There are certainly many aspects that differentiate these Locust from the Locust five years ago. It might be spazzcore - a term much liked by purist critics - but it is certainly not the same music (or rather, the same noise) we heard on the previous album. Firstly, the number of tracks: they are no longer tragicomic samples rarely exceeding a minute in duration but rather well-composed and structured pieces, powerful, precise, and, above all, much longer. So we go from twenty-three to eleven tracks (!), and incredibly, without feeling the slightest effort or the perception of a terrible systematic void. It certainly doesn't end there: the musical aspect has also changed profoundly. The unbalanced noise of the beginnings has been accompanied - or replaced, in some cases - by an cybergrind of unheard-of malignity, which in some ways recalls bands like Cephalic Carnage, Genghis Tron, and Agoraphobic Nosebleed. But here and there also appear glimpses of genres that, until now, were completely foreign to the Californians' inclinations, such as ambient and progressive. Without forgetting electronics, much more present than before, abused to such an extent as to completely distort every possible sound.

And so we move from the magmatic counter-tempos of grindcore in "AOTKPTA", which remains lively in both the accelerations and techno incursions, to the unmistakable, corrosive, lightning-fast punk of "We Have Received An Official Verdict: Nobody Gives A Shit" (here comes the locusts' humor again!), to the bewildering, hammering back-and-forth of "One Manometer Away From Mutually Assured Relocation", a sort of daring and imprecise target practice. Certainly not forgetting the episodes more similar to what were the band's acoustic roots: the lethal and bludgeoning "Hot Tubs Full Of Brand New Fuel", or the danceable "God Wants Us All To Work In Factories" (great Locust!), supported almost entirely by the technical prowess of Gabe Serbian, ever faster and more incisive in his drumming.

But it is the less "predictable" pieces - even if predictability is hardly a term that can be associated with them - that focus more attention. And the Californians reward us with real gems, such as "The Unwilling... Led By The Unqualified... Doing The Unnecessary... For...", a sinuous piece of almost four minutes that agilely navigates between dark atmospheres and unsuspected mid-tempo progressive, or the endless hardcore of "Book Of Bot" (four minutes and thirty-one, believe it or not!), possessed by an android soul that makes the skeleton resonate with an electronic hum little or nothing terrestrial. The real masterpiece, however, is to be found in "Scavenger, Invader", a chilling and alienating whistle, incredibly annoying and itchy, alternating in a climax of invasiveness with a background of disconnected screams of rebellious timbre. Until it ends in an unnatural silence.

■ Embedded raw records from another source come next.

(* Let $G$ be a finite graph with $n$ vertices such that $\mathrm{Aut}(G)$ is isomorphic to the dihedral group $D_t$ of order $2t$; write its elements as $\pi_{\rho^i}$ and $\pi_{\tau\rho^i}$, $i=0,\dots,t-1$, where $\pi_\rho$ has order $t$, $\pi_\tau^2=\pi_{\rho^0}$ is the identity, $\pi_{\tau}\pi_{\rho^i}=\pi_{\rho^{-i}}\pi_\tau$, and $\pi_{\tau\rho^i}=\pi_\tau\pi_{\rho^i}$. Let $t=\prod_{i=1}^s p_i^{r_i}$ be the prime factorization of $t$ and $P^*=\{\pi_{\rho^{t/p_1}},\dots,\pi_{\rho^{t/p_s}}\}$. Then for every positive integer $k$ and every $i\in\{0,\dots,t-1\}$, $$N_=(\{\pi_{\rho^0},\pi_{\tau\rho^i}\})=\sum_{\{\pi_{\tau\rho^i}\}\subseteq P\subseteq\{\pi_{\tau\rho^i}\}\cup P^*}(-1)^{|P|-1}N_{\ge}(P),$$ and $$L(G,k)=\sum_{P\subseteq P^*}(-1)^{|P|}N_{\ge}(P)-\sum_{i=0}^{t-1}N_=(\{\pi_{\rho^0},\pi_{\tau\rho^i}\}).$$
   Context: A $k$-labeling of $G$ is a map $\phi:V(G)\to\{1,\dots,k\}$; an automorphism $\pi$ preserves $\phi$ if $\phi(\pi(v))=\phi(v)$ for all $v$; $\phi$ is distinguishing if only the identity preserves it; $L(G,k)$ is the number of distinguishing $k$-labelings. For $P\subseteq\mathrm{Aut}(G)$, $N_{\ge}(P)$ is the number of $k$-labelings preserved by every automorphism in $P$ (so $N_{\ge}(\emptyset)=k^n$), and $N_=(P)$ is the number of $k$-labelings whose set of preserving automorphisms is exactly $P$. *)

From mathcomp Require Import all_boot all_order all_algebra all_fingroup.
Set Implicit Arguments. Unset Strict Implicit. Unset Printing Implicit Defensive.

(* A finite simple graph: vertex type V : finType, adjacency e : rel V
   (symmetric, irreflexive, assumed in the theorem). *)

Definition AutG (V : finType) (e : rel V) : {set {perm V}} :=
  [set s : {perm V} | [forall x, forall y, e (s x) (s y) == e x y]].

Definition labeling (V : finType) (k : nat) := {ffun V -> 'I_k}.

Definition preserves (V : finType) (k : nat) (s : {perm V}) (phi : labeling V k) : bool :=
  [forall v, phi (s v) == phi v].

Definition stab (V : finType) (e : rel V) (k : nat) (phi : labeling V k) : {set {perm V}} :=
  [set s in AutG e | preserves s phi].

Definition Nge (V : finType) (k : nat) (P : {set {perm V}}) : nat :=
  #|[set phi : labeling V k | [forall s in P, preserves s phi]]|.

Definition Neq (V : finType) (e : rel V) (k : nat) (P : {set {perm V}}) : nat :=
  #|[set phi : labeling V k | stab e phi == P]|.

Definition distinguishing (V : finType) (e : rel V) (k : nat) (phi : labeling V k) : bool :=
  stab e phi == [set 1%g].

Definition L (V : finType) (e : rel V) (k : nat) : nat :=
  #|[set phi : labeling V k | distinguishing e phi]|.

From mathcomp Require Import all_boot all_order all_algebra all_fingroup cyclic zify.
Set Implicit Arguments. Unset Strict Implicit. Unset Printing Implicit Defensive.
Import GRing.Theory Num.Theory.
Local Open Scope ring_scope.

(* Let C = <[rho]>. Every nontrivial subgroup of the cyclic group C contains an element of
   prime order, and the subgroup of order p of C is generated by rho ^+ (t %/ p) in P^*; hence a
   labeling is fixed by no element of P^* iff it is fixed by no nontrivial rotation. The
   stabilizer of such a labeling is then either trivial or {1, sigma} for a single reflection
   sigma, since the quotient of two fixing reflections is a fixing rotation. Both identities
   follow by inclusion-exclusion over the subsets of P^*, the first one restricted to the
   labelings fixed by sigma. *)

Lemma sum_powerset_sign (T : finType) (S : {set T}) :
  \sum_(P in powerset S) (-1) ^+ #|P| = (S == set0)%:R :> int.
Proof.
have [->|/set0Pn[x xS]] := eqVneq S set0.
  by rewrite powerset0 big_set1 cards0 expr0.
(* Toggling [x] is a sign-reversing involution on the subsets of [S]. *)
pose f (P : {set T}) := if x \in P then P :\ x else x |: P.
have fK : involutive f.
  move=> P; rewrite /f; case: (boolP (x \in P)) => xP.
    by rewrite setD11 setD1K.
  by rewrite setU11 setU1K.
have f_sign P : (-1) ^+ #|f P| = - (-1) ^+ #|P| :> int.
  rewrite /f; case: ifP => xP; last by rewrite cardsU1 xP exprS mulN1r.
  by rewrite [in RHS](cardsD1 x P) xP exprS mulN1r opprK.
have f_powerset P : (f P \in powerset S) = (P \in powerset S).
  rewrite /f !powersetE; case: ifP => [xP|_]; last by rewrite subUset sub1set xS.
  by rewrite -{2}(setD1K xP) subUset sub1set xS.
set s := \sum_(P in _) _; have : s = - s.
  rewrite {1}/s (reindex_inj (inv_inj fK)) -sumrN /=.
  by apply: eq_big => P; rewrite ?f_powerset // => _; rewrite f_sign.
by move/eqP; rewrite -addr_eq0 -mulr2n mulrn_eq0 => /eqP.
Qed.

Lemma card_sumr (T : finType) (A : {pred T}) : #|A| = \sum_x (x \in A)%:R :> int.
Proof.
rewrite -natz -sumr_const big_mkcond; apply: eq_bigr => x _.
by case: (x \in A).
Qed.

The courage to change direction, to strive to amaze, combined with the great rage held within for five very long years, effectively makes this "New Erections" the masterpiece, albeit controversial, of the Locust. It remains to be seen if the fans won over by "Plague Soundscapes" will react positively to this sudden change of direction from the Californians. This is certainly not an album for everyone, and if the previous one seemed absurd to you, brace yourself for a real punch in the stomach: this time, the Locust don't pass by but shoot their bullets without mercy.

Will you be able to stand up to them?